EXERCISE GOAL - From the line containing "Lemma bform_mul d" to the last line of the records, reproduce every line exactly and print nothing else.

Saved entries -
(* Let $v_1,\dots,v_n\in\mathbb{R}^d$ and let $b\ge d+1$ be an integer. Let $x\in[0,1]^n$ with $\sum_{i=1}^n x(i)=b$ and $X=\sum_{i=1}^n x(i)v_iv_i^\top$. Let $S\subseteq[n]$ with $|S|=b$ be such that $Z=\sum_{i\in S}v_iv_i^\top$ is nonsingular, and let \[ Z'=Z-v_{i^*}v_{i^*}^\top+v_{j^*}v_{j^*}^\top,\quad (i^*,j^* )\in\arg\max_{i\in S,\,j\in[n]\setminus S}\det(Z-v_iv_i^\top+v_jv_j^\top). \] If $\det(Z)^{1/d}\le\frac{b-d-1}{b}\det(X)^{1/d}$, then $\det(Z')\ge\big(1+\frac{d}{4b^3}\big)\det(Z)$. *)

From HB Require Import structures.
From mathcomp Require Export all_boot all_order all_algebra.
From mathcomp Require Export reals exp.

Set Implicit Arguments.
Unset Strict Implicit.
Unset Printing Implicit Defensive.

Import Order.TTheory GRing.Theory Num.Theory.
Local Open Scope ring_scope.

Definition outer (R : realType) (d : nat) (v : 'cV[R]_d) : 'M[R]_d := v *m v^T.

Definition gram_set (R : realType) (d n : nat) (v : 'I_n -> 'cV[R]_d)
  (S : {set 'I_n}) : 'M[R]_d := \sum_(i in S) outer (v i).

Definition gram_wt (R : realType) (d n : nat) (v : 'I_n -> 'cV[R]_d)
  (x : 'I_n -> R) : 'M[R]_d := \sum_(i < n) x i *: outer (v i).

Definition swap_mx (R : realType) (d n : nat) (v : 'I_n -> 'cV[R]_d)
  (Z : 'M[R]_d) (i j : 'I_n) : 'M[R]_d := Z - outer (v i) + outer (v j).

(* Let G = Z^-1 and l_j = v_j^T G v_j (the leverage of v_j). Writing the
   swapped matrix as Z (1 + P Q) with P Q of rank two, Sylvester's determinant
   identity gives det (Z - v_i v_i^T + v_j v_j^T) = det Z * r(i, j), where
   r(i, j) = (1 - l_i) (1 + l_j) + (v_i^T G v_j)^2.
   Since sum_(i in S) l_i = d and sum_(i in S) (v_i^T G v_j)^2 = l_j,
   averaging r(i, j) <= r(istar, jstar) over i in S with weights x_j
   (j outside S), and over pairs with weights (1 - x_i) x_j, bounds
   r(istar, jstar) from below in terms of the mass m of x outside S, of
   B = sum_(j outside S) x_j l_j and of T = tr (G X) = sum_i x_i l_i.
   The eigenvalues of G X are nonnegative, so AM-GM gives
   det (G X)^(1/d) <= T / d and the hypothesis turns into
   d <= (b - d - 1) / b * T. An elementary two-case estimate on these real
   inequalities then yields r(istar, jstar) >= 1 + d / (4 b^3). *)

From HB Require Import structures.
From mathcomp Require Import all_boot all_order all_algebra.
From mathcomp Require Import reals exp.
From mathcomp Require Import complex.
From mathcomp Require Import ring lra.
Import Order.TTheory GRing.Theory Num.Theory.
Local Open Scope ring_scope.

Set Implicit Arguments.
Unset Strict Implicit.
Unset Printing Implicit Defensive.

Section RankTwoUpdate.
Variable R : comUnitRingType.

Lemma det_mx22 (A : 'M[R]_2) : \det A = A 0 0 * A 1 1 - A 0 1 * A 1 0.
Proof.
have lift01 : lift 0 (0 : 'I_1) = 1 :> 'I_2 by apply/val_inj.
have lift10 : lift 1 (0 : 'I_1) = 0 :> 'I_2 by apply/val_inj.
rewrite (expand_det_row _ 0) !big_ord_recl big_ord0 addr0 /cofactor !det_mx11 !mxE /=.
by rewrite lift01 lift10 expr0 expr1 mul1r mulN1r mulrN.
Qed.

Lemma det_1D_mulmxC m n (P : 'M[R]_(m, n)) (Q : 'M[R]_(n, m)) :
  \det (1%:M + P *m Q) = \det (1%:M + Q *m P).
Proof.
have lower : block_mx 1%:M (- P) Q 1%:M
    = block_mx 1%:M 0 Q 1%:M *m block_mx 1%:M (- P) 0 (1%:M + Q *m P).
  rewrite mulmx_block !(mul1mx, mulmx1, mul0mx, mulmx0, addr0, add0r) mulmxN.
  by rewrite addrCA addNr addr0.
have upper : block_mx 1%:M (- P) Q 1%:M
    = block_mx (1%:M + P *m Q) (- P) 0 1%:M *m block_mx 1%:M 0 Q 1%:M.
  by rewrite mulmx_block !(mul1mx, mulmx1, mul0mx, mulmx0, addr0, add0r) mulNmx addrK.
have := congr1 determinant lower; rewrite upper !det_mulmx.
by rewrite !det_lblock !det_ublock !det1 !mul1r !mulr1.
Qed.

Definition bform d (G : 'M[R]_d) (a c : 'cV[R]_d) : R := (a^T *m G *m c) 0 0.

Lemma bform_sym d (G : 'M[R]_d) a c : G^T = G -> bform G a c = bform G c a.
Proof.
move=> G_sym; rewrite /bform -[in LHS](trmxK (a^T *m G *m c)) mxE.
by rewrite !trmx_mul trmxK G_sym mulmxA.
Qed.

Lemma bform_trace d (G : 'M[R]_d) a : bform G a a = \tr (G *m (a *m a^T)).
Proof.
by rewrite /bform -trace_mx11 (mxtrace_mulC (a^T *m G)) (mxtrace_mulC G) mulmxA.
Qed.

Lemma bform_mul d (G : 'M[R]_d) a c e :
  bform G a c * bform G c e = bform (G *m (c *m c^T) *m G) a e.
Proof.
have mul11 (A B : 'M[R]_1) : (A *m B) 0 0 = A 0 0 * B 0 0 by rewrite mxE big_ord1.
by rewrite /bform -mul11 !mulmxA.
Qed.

ANSWER FOR THIS EXERCISE -
Lemma bform_mul d (G : 'M[R]_d) a c e :
  bform G a c * bform G c e = bform (G *m (c *m c^T) *m G) a e.
Proof.
have mul11 (A B : 'M[R]_1) : (A *m B) 0 0 = A 0 0 * B 0 0 by rewrite mxE big_ord1.
by rewrite /bform -mul11 !mulmxA.
Qed.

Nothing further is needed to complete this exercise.